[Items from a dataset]
-=-=-
Lemma ball_in d (i m : Zd d) r : IZR (norm1 (zsub m i)) <= r -> In m (ball i r).
Proof.
  intros H. unfold ball. apply in_map_iff. exists (zsub m i). split; [apply zadd_sub|].
  apply filter_In. split.
  - apply cube_in. intros k. pose proof (norm1_coord d (zsub m i) k).
    destruct (archimed r) as [H1 _].
    assert (IZR (norm1 (zsub m i)) < IZR (up r)) by lra. apply lt_IZR in H2.
    rewrite Z2Nat.id; lia.
  - destruct (Rle_dec _ r); auto.
Qed.

Lemma ball_sound d (i m : Zd d) r : In m (ball i r) -> IZR (norm1 (zsub m i)) <= r.
Proof.
  unfold ball. intros H. apply in_map_iff in H as [v [<- Hv]].
  apply filter_In in Hv as [_ Hv]. rewrite zsub_add.
  destruct (Rle_dec _ r); auto; discriminate.
Qed.

Lemma ball_length d (i j : Zd d) r : length (ball i r) = length (ball j r).
Proof. unfold ball. rewrite !length_map. auto. Qed.

Lemma unit_step d (v : Zd d) n : norm1 v = Z.of_nat (S n) ->
  exists e : Zd d, norm1 e = 1%Z /\ norm1 (zsub v e) = Z.of_nat n.
Proof.
  revert v n; induction d; intros v n H.
  - unfold norm1 in H; simpl in H; lia.
  - change (norm1 v) with (Z.abs (v Fin.F1) + norm1 (fun k => v (Fin.FS k)))%Z in H.
    destruct (Z.eq_dec (v Fin.F1) 0) as [E|E].
    + rewrite E in H. destruct (IHd (fun k => v (Fin.FS k)) n H) as [e [He1 He2]].
      exists (fcons 0%Z e). split; [exact He1|].
      change (Z.abs (v Fin.F1 - 0) + norm1 (zsub (fun k => v (Fin.FS k)) e) = Z.of_nat n)%Z.
      rewrite E, He2. reflexivity.
    + exists (fcons (Z.sgn (v Fin.F1)) z0). split.
      * change (Z.abs (Z.sgn (v Fin.F1)) + norm1 (@z0 d) = 1)%Z.
        rewrite norm1_z0. destruct (v Fin.F1); simpl; lia.
      * change (Z.abs (v Fin.F1 - Z.sgn (v Fin.F1))
                + norm1 (zsub (fun k => v (Fin.FS k)) z0) = Z.of_nat n)%Z.
        rewrite zsub_z0. rewrite Nat2Z.inj_succ in H.
        destruct (Z.sgn_spec (v Fin.F1)) as [[? ->]|[[? ->]|[? ->]]]; lia.
Qed.

Lemma path_step d (i k : Zd d) n : norm1 (zsub i k) = Z.of_nat (S n) ->
  exists j, norm1 (zsub i j) = 1%Z /\ norm1 (zsub j k) = Z.of_nat n.
Proof.
  intros H. destruct (unit_step d _ n H) as [e [H1 H2]]. exists (zsub i e). split.
  - replace (zsub i (zsub i e)) with e; auto. apply zeq; intros; unfold zsub; lia.
  - rewrite <- H2. f_equal. apply zeq; intros; unfold zsub; lia.
Qed.
(* Let $\Sigma$ be a set of prime numbers, $S$ the multiplicative submonoid of $\mathbb{N}$ generated by $\Sigma$, $\mathbb{Z}[S^{-1}]\subset\mathbb{Q}$ the localization. Let $M$ be a locally compact topological $\mathbb{Z}[S^{-1}]$-module that contains a compact open subgroup and is compactly generated. Then $M\cong(\mathbb{Z}[S^{-1}])^k\times C(M)$ as topological $\mathbb{Z}[S^{-1}]$-modules for some $k\ge 0$, where $(\mathbb{Z}[S^{-1}])^k$ is discrete.
   Context: All topological groups are Hausdorff; $\mathbb{Z}[S^{-1}]$ is discrete; scalar multiplication is continuous. Compactly generated means generated as a $\mathbb{Z}[S^{-1}]$-module by a compact subset. $C(M)$ is the set of elements $x\in M$ such that the closure of the subgroup generated by $x$ is compact (a closed submodule). *)

From HB Require Import structures.
From mathcomp Require Import all_boot all_order all_algebra.
From mathcomp Require Import all_classical all_reals all_analysis.
Set Implicit Arguments. Unset Strict Implicit. Unset Printing Implicit Defensive.
Import Order.TTheory GRing.Theory Num.Theory.
Local Open Scope classical_set_scope.
Local Open Scope ring_scope.

(* Z[S^-1] as a subring of rat: rationals whose (reduced) denominator has
   all its prime factors in Sig (S = monoid generated by the primes Sig). *)
Definition inZS (Sig : set nat) (q : rat) : Prop :=
  forall p : nat, prime p -> (p %| `|denq q|)%N -> Sig p.

(* A topological Z[S^-1]-module structure on a topological abelian group M,
   given by a scalar action sc (only its values at elements of Z[S^-1]
   matter).  Since Z[S^-1] is discrete, continuity of the scalar
   multiplication Z[S^-1] x M -> M amounts to continuity of each sc a. *)
Record ZSmodule (Sig : set nat) (M : topologicalZmodType)
    (sc : rat -> M -> M) : Prop := {
  sc1 : forall x, sc 1 x = x;
  scA : forall a b x, inZS Sig a -> inZS Sig b -> sc a (sc b x) = sc (a * b) x;
  scDl : forall a b x, inZS Sig a -> inZS Sig b -> sc (a + b) x = sc a x + sc b x;
  scDr : forall a x y, inZS Sig a -> sc a (x + y) = sc a x + sc a y;
  sc_cont : forall a, inZS Sig a -> continuous (sc a)
}.

Definition loc_compact (M : topologicalType) : Prop :=
  forall x : M, exists2 U : set M, nbhs x U & compact U.

Definition has_compact_open_subgroup (M : topologicalZmodType) : Prop :=
  exists U : set M, [/\ compact U, open U, U 0 &
    forall x y, U x -> U y -> U (x - y)].
Lemma atom_Pi_edge a : 0 < n -> atom (@Pi_le n) a -> exists k, a = Pi_edge k.
Proof.
move=> n_gt0 /andP[a_not_bot a_cover].
have [k k_le_a] : exists k, Pi_le (Pi_edge k) a.
  case: a a_not_bot {a_cover} => -[p|] p_forest a_not_bot.
    2: by exists (Ordinal n_gt0).
  have [v pv] : exists v, p v != None.
    apply/existsP; apply: contraR a_not_bot => /existsPn no_edge.
    apply/forallP => -[[q|] q_forest] //; apply/subsetP => -[x y].
    by rewrite inE /= (eqP (negPn (no_edge y))).
  have [k p_edge] := priority_forest_consecutive_edge p_forest pv.
  by exists k; apply: Pi_edge_le.
exists k; case/orP: (implyP (forallP a_cover _) k_le_a) => [/eqP // | /forallP].
by move/(_ Pi_bot); rewrite (negbTE (Pi_edge_not_bot k)).
Qed.

Lemma card_atoms_Pi : 0 < n -> #|[set a | atom (@Pi_le n) a]| <= n.
Proof.
move=> n_gt0; apply: (@leq_trans #|[set Pi_edge k | k : 'I_n]|).
  apply/subset_leq_card/subsetP => a; rewrite inE => /(atom_Pi_edge n_gt0)[k ->].
  exact: imset_f.
by apply: leq_trans (leq_imset_card _ _) _; rewrite card_ord.
Qed.

End Elements.

Section Coatoms.

Variable n : nat.

Lemma spanning_priority_forest (p : parfun n) :
  increasing p -> spanning p -> priority_forest p.
Proof.
move=> p_inc p_span; rewrite /priority_forest p_inc; apply: trees_ordered_homo.
by move=> x y _; rewrite !froot_spanning.
Qed.

Lemma coatom_spanning (p : parfun n) (p_forest : priority_forest p) :
  spanning p -> coatom (@Pi_le n) (Pi_forest p_forest).
Proof.
move=> p_span; apply/andP; split; first by apply/negP => /forallP/(_ (Pi_top n)).
apply/forallP => -[[q|] q_forest]; apply/implyP => p_le_q; apply/orP; last first.
  by right; apply/forallP => -[[r|] ?].
left; apply/eqP/val_inj; congr Some; apply/ffunP => v.
have [/andP[p_inc _] /andP[q_inc _]] := (p_forest, q_forest).
case: (posnP v) => [v0 | /p_span].
  case pv: (p v) => [u|]; first by have := parent_lt p_inc pv; rewrite v0.
  by case qv: (q v) => [u|] //; have := parent_lt q_inc qv; rewrite v0.
case pv: (p v) => [u|] // _.
have uv_edge : (u, v) \in edges p by rewrite inE /= pv.
by have := subsetP p_le_q _ uv_edge; rewrite inE /= => /eqP.
Qed.

Definition tree_parent (j v : nat) : option nat :=
  if v == 0 then None
  else if j == n then Some (if v == 1 then 0 else 1)
  else Some (if v <= j.+1 then 0 else v.-1).

Lemma tree_parent_lt j v u : tree_parent j v = Some u -> u < v.
Proof.
rewrite /tree_parent; case: eqP => // v_pos; case: eqP => _ [<-].
  by case: eqP; lia.
by case: ifP; lia.
Qed.

Lemma tree_parent_separates j j' : 3 <= n -> j < j' <= n ->
  exists2 v, v <= n & tree_parent j v != tree_parent j' v.
Proof.
move=> n_ge3 /andP[j_lt_j' j'_le_n].
have j_neq_n : (j == n) = false by lia.
case: (j' =P n) => [j'_n | j'_neq_n].
  by exists 3 => //; rewrite /tree_parent /= j_neq_n j'_n eqxx; case: leqP.
exists j'.+1; first by lia.
rewrite /tree_parent /= j_neq_n (introF eqP j'_neq_n) leqnn ifN; last by lia.
by apply/eqP => -[]; lia.
Qed.

Definition spanning_tree (j : 'I_n.+1) : parfun n := forest_of_nat n (tree_parent j).

Lemma spanning_tree_spanning j : spanning (spanning_tree j).
Proof.
move=> v; rewrite lt0n => /negbTE v_neq0.
by rewrite ffunE /tree_parent v_neq0; case: ifP.
Qed.

Lemma spanning_tree_priority j : priority_forest (spanning_tree j).
Proof.
apply: spanning_priority_forest (spanning_tree_spanning j).
exact/increasing_forest_of_nat/tree_parent_lt.
Qed.

Definition Pi_tree j : Pi n := Pi_forest (spanning_tree_priority j).

Lemma Pi_tree_inj : 3 <= n -> injective Pi_tree.
Proof.
move=> n_ge3.
have tree_neq (j j' : 'I_n.+1) : j < j' -> spanning_tree j != spanning_tree j'.
  move=> j_lt_j'; have j'_le_n : j' <= n by rewrite -ltnS.
  have [v v_le_n] := tree_parent_separates n_ge3 (introT andP (conj j_lt_j' j'_le_n)).
  have parent_bound (i : 'I_n.+1) u : tree_parent i v = Some u -> u <= n.
    by move/tree_parent_lt; lia.
  apply: contra => /eqP/(forest_of_nat_inj v_le_n (parent_bound j) (parent_bound j')).
  by move->.
move=> j j' Pi_tree_eq.
have /eqP same_tree : spanning_tree j = spanning_tree j' by case: Pi_tree_eq.
case: (ltngtP j j') => [/tree_neq | /tree_neq | /val_inj //].
  by rewrite same_tree.
by rewrite eq_sym same_tree.
Qed.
-=-=-
What this task involves » Using the records above, repeat exactly the lines from the first one through the line with "apply filter_In in".

Task response »
Lemma ball_in d (i m : Zd d) r : IZR (norm1 (zsub m i)) <= r -> In m (ball i r).
Proof.
  intros H. unfold ball. apply in_map_iff. exists (zsub m i). split; [apply zadd_sub|].
  apply filter_In. split.
  - apply cube_in. intros k. pose proof (norm1_coord d (zsub m i) k).
    destruct (archimed r) as [H1 _].
    assert (IZR (norm1 (zsub m i)) < IZR (up r)) by lra. apply lt_IZR in H2.
    rewrite Z2Nat.id; lia.
  - destruct (Rle_dec _ r); auto.
Qed.

Lemma ball_sound d (i m : Zd d) r : In m (ball i r) -> IZR (norm1 (zsub m i)) <= r.
Proof.
  unfold ball. intros H. apply in_map_iff in H as [v [<- Hv]].
  apply filter_In in Hv as [_ Hv]. rewrite zsub_add.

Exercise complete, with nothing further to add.